What you need to check:
- Crawl rate in Google Search Console: Look at the “Crawl stats” report. If Google is crawling hundreds of error pages or thin content, it is wasting budget.
- Log file analysis: The most precise method. Use tools like Screaming Frog Log File Analyzer or custom ELK stacks to see which URLs Googlebot actually requests. Compare that to your sitemap.
- Blocked resources: Ensure that CSS, JavaScript, and images are not blocked by `robots.txt`. A blocked stylesheet can cause Google to render pages incorrectly, leading to poor Core Web Vitals measurement.
2. XML Sitemaps & robots.txt: Your Crawl Instructions
Your sitemap.xml is a suggestion, not a command. Your robots.txt is a directive, not a firewall. Together, they form the instruction set for Googlebot.
Sitemap checklist:
- Include only canonical URLs (no pagination parameters, no session IDs).
- Keep under 50,000 URLs or 50 MB uncompressed per sitemap file.
- Use `<lastmod>` accurately—Google uses it to prioritize re-crawls, but incorrect timestamps erode trust.
- Submit via Google Search Console and Bing Webmaster Tools.
- Do not block CSS or JS files unless you have a specific performance reason.
- Use `Disallow: /` only on staging environments.
- Test your robots.txt with the testing tool in Search Console.
3. Core Web Vitals: The Performance Tax
Google has confirmed Core Web Vitals as a ranking signal.
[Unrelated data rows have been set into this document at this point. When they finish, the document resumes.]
Lemma vmin_attained n f : (1 <= n)%nat -> exists j, (j < n)%nat /\ vmin n f = f j.
Proof.
  intros Hn. destruct (vmax_attained n (fun j => - f j) Hn) as [j [Hj E]].
  exists j; split; auto. unfold vmin; rewrite E; ring.
Qed.

Lemma mean_between_vmin_vmax n f :
  (1 <= n)%nat -> vmin n f <= / INR n * vsum n f <= vmax n f.
Proof.
  intros Hn. assert (Hpos : 0 < INR n) by (apply lt_0_INR; lia).
  assert (vsum n f <= INR n * vmax n f)
    by (rewrite <- vsum_const; apply vsum_le; intros; apply vmax_ge; auto).
  assert (INR n * vmin n f <= vsum n f)
    by (rewrite <- vsum_const; apply vsum_le; intros; apply vmin_le; auto).
  split; apply Rmult_le_reg_l with (INR n); auto;
    rewrite <- Rmult_assoc, Rinv_r by lra; lra.
Qed.

Definition spread n f := vmax n f - vmin n f.

Lemma spread_nonneg n f : (1 <= n)%nat -> 0 <= spread n f.
Proof.
  intros Hn. pose proof (vmax_ge n f 0 ltac:(lia)). pose proof (vmin_le n f 0 ltac:(lia)).
  unfold spread; lra.
Qed.

Lemma spread_perturb n u v e :
  (1 <= n)%nat -> (forall j, (j < n)%nat -> Rabs (u j - v j) <= e) ->
  spread n u <= spread n v + 2 * e.
Proof.
  intros Hn H.
  assert (vmax n u <= vmax n v + e).
  { apply vmax_lub; auto. intros j Hj.
    pose proof (vmax_ge n v j Hj). pose proof (Rabs_le_inv _ _ (H j Hj)); lra. }
  assert (vmin n v - e <= vmin n u).
  { apply vmin_glb; auto. intros j Hj.
    pose proof (vmin_le n v j Hj). pose proof (Rabs_le_inv _ _ (H j Hj)); lra. }
  unfold spread; lra.
Qed.

Section StochasticContraction.

Variables (n : nat) (b : nat -> nat -> R) (kappa : R).
Hypothesis b_nonneg : forall I J, (I < n)%nat -> (J < n)%nat -> 0 <= b I J.
Hypothesis b_row_sum : forall I, (I < n)%nat -> vsum n (b I) = 1.
Hypothesis b_scrambling : scrambling n b.
Hypothesis b_kappa : forall I J, (I < n)%nat -> (J < n)%nat -> b I J = 0 \/ kappa <= b I J.
Theorem theorem4p1 (R : realType) (alpha : R) :
  0 < alpha < 1 ->
  exists D : R, 1 <= D /\
    forall (Z : Type) (d : Z -> Z -> R),
      is_metric d -> bounded_metric d ->
      forall Cc : set (set Z),
        countable Cc ->
        (forall C, Cc C -> mclosed d C /\ 0 < diam d C) ->
        (forall C1 C2, Cc C1 -> Cc C2 -> C1 <> C2 -> D <= reldist d C1 C2) ->
        forall z1 z2 : Z, z1 <> z2 ->
          (exists C, Cc C /\ C z1 /\ C z2) \/
          (exists u : Z -> R,
             holder d alpha u /\
             (forall C, Cc C -> exists c : R, forall z, C z -> u z = c) /\
             (forall C1 C2, Cc C1 -> Cc C2 -> u @` C1 = u @` C2 -> C1 = C2) /\
             u z1 <> u z2).
Proof.
move=> al01; have /andP[al0 al1] := al01.
have D_gt0 : 0 < (1 - alpha)^-1 by rewrite invr_gt0 subr_gt0.
exists (1 - alpha)^-1; split; first by rewrite invf_ge1 ?subr_gt0 // gerBl ltW.
move=> Z d hd hbd Cc Cc_count hC Cc_sep z1 z2 z12.
have [[C [cC [Cz1 Cz2]]]|nC] := pselect (exists C, Cc C /\ C z1 /\ C z2).
  by left; exists C.
right.
have alD : alpha * (1 + (1 - alpha)^-1^-1) <= 1 by rewrite invrK; nra.
have Cc_closed C : Cc C -> mclosed d C by move/hC => [].
have Cc_diam C : Cc C -> 0 < diam d C by move/hC => [].
have [P hP] := countable_transversal z1 Cc_count
  (fun C cC => diam_gt0_nonempty (Cc_diam C cC)).
pose Q n := if n is m.+2 then P m else if n is 1 then z2 else z1.
have [u [u_holder u_const u_sep]] :=
  separating_function al01 D_gt0 alD hd hbd Cc_closed Cc_diam Cc_sep Q.
exists u; split => //; split => //; split.
  apply: (images_injective D_gt0 hd Cc_diam Cc_sep (X := range Q)) => //.
    move=> C cC; have [n Cn] := hP C cC; exists (Q n.+2) => //; exists n.+2.
  by move=> _ _ [k _ <-] [l _ <-]; exact: u_sep.
by apply: (u_sep 0%N 1%N); split => // [[C [cC Cz1 Cz2]]]; apply: nC; exists C.
Qed.
Lemma CartanE8K : CartanE8 *m invCartanE8 = 1%:M.
Proof.
apply/matrixP => i j; rewrite !mxE !big_ord_recl big_ord0 !mxE /=.
by case: i j => [[|[|[|[|[|[|[|[|//]]]]]]]] ?] [[|[|[|[|[|[|[|[|//]]]]]]]] ?].
Qed.

Lemma invCartanE8K : invCartanE8 *m CartanE8 = 1%:M.
Proof. exact: mulmx1C CartanE8K. Qed.

Lemma CinvE8E : CinvE8 = map_mx intr invCartanE8.
Proof.
have CC : map_mx (intr : int -> rat) CartanE8 *m map_mx intr invCartanE8 = 1%:M.
  by rewrite -map_mxM CartanE8K map_mx1.
have [unitC _] := mulmx1_unit CC.
by rewrite /CinvE8 -[RHS](mulKmx unitC) CC mulmx1.
Qed.

Lemma tr_CartanE8 : CartanE8^T = CartanE8.
Proof.
apply/matrixP => i j; rewrite !mxE /=.
by case: i j => [[|[|[|[|[|[|[|[|//]]]]]]]] ?] [[|[|[|[|[|[|[|[|//]]]]]]]] ?].
Qed.

Lemma CartanE8_diag i : CartanE8 i i = 2.
Proof. by rewrite mxE eqxx. Qed.

Lemma CartanE8_offdiag i j : i != j -> CartanE8 i j <= 0.
Proof. by rewrite mxE => /negbTE ->; case: adjE8. Qed.

Definition E8form (x0 x1 x2 x3 x4 x5 x6 x7 : int) : int :=
  x0 * x0 + x1 * x1 + x2 * x2 + x3 * x3 + x4 * x4 + x5 * x5 + x6 * x6 + x7 * x7
  - (x0 * x2 + x2 * x3 + x3 * x4 + x4 * x5 + x5 * x6 + x6 * x7 + x1 * x3).

Lemma qform_CartanE8 x : qform CartanE8 x = 2 * E8form (x 0 (ord8 0)) (x 0 (ord8 1))
  (x 0 (ord8 2)) (x 0 (ord8 3)) (x 0 (ord8 4)) (x 0 (ord8 5)) (x 0 (ord8 6)) (x 0 (ord8 7)).
Proof. rewrite /qform /bform !mxE sum_ord8 !mxE !sum_ord8 !mxE /= /E8form; ring. Qed.

(* Completing squares along the Dynkin diagram, from the leaves 0, 1, 7 towards
   the branch node 3. *)
Lemma E8form_sos x0 x1 x2 x3 x4 x5 x6 x7 : 120 * E8form x0 x1 x2 x3 x4 x5 x6 x7 =
  30 * (2 * x0 - x2) ^+ 2 + 10 * (3 * x2 - 2 * x3) ^+ 2 + 30 * (2 * x1 - x3) ^+ 2
  + 30 * (2 * x7 - x6) ^+ 2 + 10 * (3 * x6 - 2 * x5) ^+ 2 + 5 * (4 * x5 - 3 * x4) ^+ 2
  + 3 * (5 * x4 - 4 * x3) ^+ 2 + 2 * x3 ^+ 2.
Proof. rewrite /E8form; ring. Qed.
The thresholds are:
| Metric | Good | Needs Improvement | Poor |
|---|---|---|---|
| LCP (Largest Contentful Paint) | ≤2.5s | 2.5s–4.0s | >4.0s |
| FID/INP (First Input Delay / Interaction to Next Paint) | ≤100ms | 100ms–300ms | >300ms |
| CLS (Cumulative Layout Shift) | ≤0.1 | 0.1–0.25 | >0.25 |
How to improve each:
- LCP: Optimize the largest image or text block. Use next-gen formats (WebP, AVIF), lazy-load below-the-fold images, and preload hero images.
- INP: Reduce JavaScript execution time. Break up long tasks, defer non-critical scripts, and use `requestAnimationFrame` for animations.
- CLS: Set explicit width/height attributes on images and embeds. Avoid injecting content above existing content (e.g., dynamically loaded ads).
4. Duplicate Content & Canonicalization
Duplicate content is not a penalty—it is a dilution problem. When Google finds identical or very similar content on multiple URLs, it must choose one to rank. If it picks the wrong one, your traffic drops.
Sources of duplicate content:
- WWW vs. non-WWW
- HTTP vs. HTTPS
- Trailing slash vs. non-trailing slash
- URL parameters (sort, filter, tracking)
- Printer-friendly versions
- Paginated pages with thin content
Risk warning: Never use `noindex` on a page that has backlinks. The link equity disappears. Instead, redirect or canonicalize.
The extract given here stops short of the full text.